[EXERCISE PROMPT] Quote the whole listing word for word, please.

[EXERCISE INPUTS]
Lemma contact_number_le_sectors :
  (contact_number c <= #|[set ij : 'I_n * 'I_n | contact_in sector0 ij.1 ij.2]|
                     + #|[set ij : 'I_n * 'I_n | contact_in sector1 ij.1 ij.2]|)%N.
Proof.
pose oriented (ij : 'I_n * 'I_n) := sector0 (c ij.2 - c ij.1) || sector1 (c ij.2 - c ij.1).
pose orient (ij : 'I_n * 'I_n) := if oriented ij then ij else (ij.2, ij.1).
have orient_inj : {in [set ij : 'I_n * 'I_n | (ij.1 < ij.2)%N && tangent c ij.1 ij.2] &,
                   injective orient}.
  move=> [i j] [i' j']; rewrite !inE /orient /= => /andP [lt_ij _] /andP [lt_ij' _].
  by case: ifP; case: ifP => _ _ [? ?]; subst; rewrite // ltnNge ltnW in lt_ij'.
rewrite /contact_number -(card_in_imset orient_inj).
apply: leq_trans (subset_leq_card _) (leq_card_setU _ _).
apply/subsetP => _ /imsetP [[i j] /[!inE] /andP [_ tij] ->].
rewrite /orient /oriented /contact_in /=; case: ifP => [/orP [->|->]|]; rewrite ?tij ?orbT //.
move/negbT; rewrite negb_or => /andP [/negPf S0 /negPf S1].
have := sectors_cover (tangent_center_neq tij); rewrite S0 S1 /= -tangentC tij opprB.
by case/orP=> ->; rewrite ?orbT.
Qed.

Lemma LS_sources_bound : exists a b : nat,
  (contact_number c + a + b <= 2 * n)%N /\ (n <= a * b)%N.
Proof.
set E0 := [set ij : 'I_n * 'I_n | contact_in sector0 ij.1 ij.2].
set E1 := [set ij : 'I_n * 'I_n | contact_in sector1 ij.1 ij.2].
set S0 := [set s | source (contact_in sector0) s].
set S1 := [set s | source (contact_in sector1) s].
exists #|S0|, #|S1|; split.
  have E0S0 : (#|E0| + #|S0| <= #|'I_n|)%N.
    exact: card_edges_add_sources (contact_in_injective sector0_dot_gt0).
  have E1S1 : (#|E1| + #|S1| <= #|'I_n|)%N.
    exact: card_edges_add_sources (contact_in_injective sector1_dot_gt0).
  rewrite card_ord in E0S0 E1S1; rewrite -addnA.
  apply: leq_trans (leq_add contact_number_le_sectors (leqnn _)) _.
  by rewrite addnACA mul2n -addnn leq_add.
rewrite -[X in (X <= _)%N]card_ord.
apply: card_le_mul_sources (contact_in_functional sector0_dot_gt0)
  (contact_in_functional sector1_dot_gt0) (contact_in_incr sector0_e1_gt0)
  (contact_in_incr sector1_e2_gt0) _.
move=> v w conn0 conn1; apply: LS_center_inj; apply/eqP; rewrite -subr_eq0; apply/eqP.
by apply: sector_cones_meet; [apply: (connect_contact_in_cone sector0D) |
  apply: (connect_contact_in_cone sector1D)].
Qed.

End LocallySeparablePacking.

Lemma two_sqrt_le_add (R : rcfType) (a b x : R) :
  0 <= a -> 0 <= b -> x <= a * b -> 2 * Num.sqrt x <= a + b.
Proof.
move=> a_ge0 b_ge0 x_le; have [x_lt0|x_ge0] := ltrP x 0.
  by rewrite ltr0_sqrtr // mulr0 addr_ge0.
rewrite -ler_sqr ?nnegrE ?addr_ge0 ?mulr_ge0 ?sqrtr_ge0 //.
by rewrite exprMn sqr_sqrtr //; have := sqr_ge0 (a - b); nra.
Qed.

Lemma le_floor_two_sub_two_sqrt (R : realType) (m a b n : nat) :
  (m + a + b <= 2 * n)%N -> (n <= a * b)%N ->
  m%:Z <= Num.floor (2 * n%:R - 2 * Num.sqrt (n%:R : R)).
Proof.
move=> le_2n le_ab; rewrite floor_ge_int.
have : 2 * Num.sqrt (n%:R : R) <= a%:R + b%:R.
  by apply: two_sqrt_le_add; rewrite ?ler0n // -natrM ler_nat.
have : m%:R + a%:R + b%:R <= 2 * n%:R :> R.
  by rewrite -!natrD -[2 : R]/(2%:R) -natrM ler_nat.
move=> ? ?; rewrite -pmulrn; lra.
Qed.

Unset Implicit Arguments.

Theorem theorem2 (R : realType) (n : nat) (c : 'I_n -> R * R) :
  (1 < n)%N -> LS_packing c ->
  ((contact_number c)%:Z <= Num.floor (2 * n%:R - 2 * Num.sqrt (n%:R : R)))%R.
Proof.
(* the bound holds for every n *)
move=> _ LS; have [a [b [le_2n le_ab]]] := LS_sources_bound LS.
exact: le_floor_two_sub_two_sqrt le_2n le_ab.
Qed.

[SOLUTION BELOW]
Lemma contact_number_le_sectors :
  (contact_number c <= #|[set ij : 'I_n * 'I_n | contact_in sector0 ij.1 ij.2]|
                     + #|[set ij : 'I_n * 'I_n | contact_in sector1 ij.1 ij.2]|)%N.
Proof.
pose oriented (ij : 'I_n * 'I_n) := sector0 (c ij.2 - c ij.1) || sector1 (c ij.2 - c ij.1).
pose orient (ij : 'I_n * 'I_n) := if oriented ij then ij else (ij.2, ij.1).
have orient_inj : {in [set ij : 'I_n * 'I_n | (ij.1 < ij.2)%N && tangent c ij.1 ij.2] &,
                   injective orient}.
  move=> [i j] [i' j']; rewrite !inE /orient /= => /andP [lt_ij _] /andP [lt_ij' _].
  by case: ifP; case: ifP => _ _ [? ?]; subst; rewrite // ltnNge ltnW in lt_ij'.
rewrite /contact_number -(card_in_imset orient_inj).
apply: leq_trans (subset_leq_card _) (leq_card_setU _ _).
apply/subsetP => _ /imsetP [[i j] /[!inE] /andP [_ tij] ->].
rewrite /orient /oriented /contact_in /=; case: ifP => [/orP [->|->]|]; rewrite ?tij ?orbT //.
move/negbT; rewrite negb_or => /andP [/negPf S0 /negPf S1].
have := sectors_cover (tangent_center_neq tij); rewrite S0 S1 /= -tangentC tij opprB.
by case/orP=> ->; rewrite ?orbT.
Qed.

Lemma LS_sources_bound : exists a b : nat,
  (contact_number c + a + b <= 2 * n)%N /\ (n <= a * b)%N.
Proof.
set E0 := [set ij : 'I_n * 'I_n | contact_in sector0 ij.1 ij.2].
set E1 := [set ij : 'I_n * 'I_n | contact_in sector1 ij.1 ij.2].
set S0 := [set s | source (contact_in sector0) s].
set S1 := [set s | source (contact_in sector1) s].
exists #|S0|, #|S1|; split.
  have E0S0 : (#|E0| + #|S0| <= #|'I_n|)%N.
    exact: card_edges_add_sources (contact_in_injective sector0_dot_gt0).
  have E1S1 : (#|E1| + #|S1| <= #|'I_n|)%N.
    exact: card_edges_add_sources (contact_in_injective sector1_dot_gt0).
  rewrite card_ord in E0S0 E1S1; rewrite -addnA.
  apply: leq_trans (leq_add contact_number_le_sectors (leqnn _)) _.
  by rewrite addnACA mul2n -addnn leq_add.
rewrite -[X in (X <= _)%N]card_ord.
apply: card_le_mul_sources (contact_in_functional sector0_dot_gt0)
  (contact_in_functional sector1_dot_gt0) (contact_in_incr sector0_e1_gt0)
  (contact_in_incr sector1_e2_gt0) _.
move=> v w conn0 conn1; apply: LS_center_inj; apply/eqP; rewrite -subr_eq0; apply/eqP.
by apply: sector_cones_meet; [apply: (connect_contact_in_cone sector0D) |
  apply: (connect_contact_in_cone sector1D)].
Qed.

End LocallySeparablePacking.

Lemma two_sqrt_le_add (R : rcfType) (a b x : R) :
  0 <= a -> 0 <= b -> x <= a * b -> 2 * Num.sqrt x <= a + b.
Proof.
move=> a_ge0 b_ge0 x_le; have [x_lt0|x_ge0] := ltrP x 0.
  by rewrite ltr0_sqrtr // mulr0 addr_ge0.
rewrite -ler_sqr ?nnegrE ?addr_ge0 ?mulr_ge0 ?sqrtr_ge0 //.
by rewrite exprMn sqr_sqrtr //; have := sqr_ge0 (a - b); nra.
Qed.

Lemma le_floor_two_sub_two_sqrt (R : realType) (m a b n : nat) :
  (m + a + b <= 2 * n)%N -> (n <= a * b)%N ->
  m%:Z <= Num.floor (2 * n%:R - 2 * Num.sqrt (n%:R : R)).
Proof.
move=> le_2n le_ab; rewrite floor_ge_int.
have : 2 * Num.sqrt (n%:R : R) <= a%:R + b%:R.
  by apply: two_sqrt_le_add; rewrite ?ler0n // -natrM ler_nat.
have : m%:R + a%:R + b%:R <= 2 * n%:R :> R.
  by rewrite -!natrD -[2 : R]/(2%:R) -natrM ler_nat.
move=> ? ?; rewrite -pmulrn; lra.
Qed.

Unset Implicit Arguments.

Theorem theorem2 (R : realType) (n : nat) (c : 'I_n -> R * R) :
  (1 < n)%N -> LS_packing c ->
  ((contact_number c)%:Z <= Num.floor (2 * n%:R - 2 * Num.sqrt (n%:R : R)))%R.
Proof.
(* the bound holds for every n *)
move=> _ LS; have [a [b [le_2n le_ab]]] := LS_sources_bound LS.
exact: le_floor_two_sub_two_sqrt le_2n le_ab.
Qed.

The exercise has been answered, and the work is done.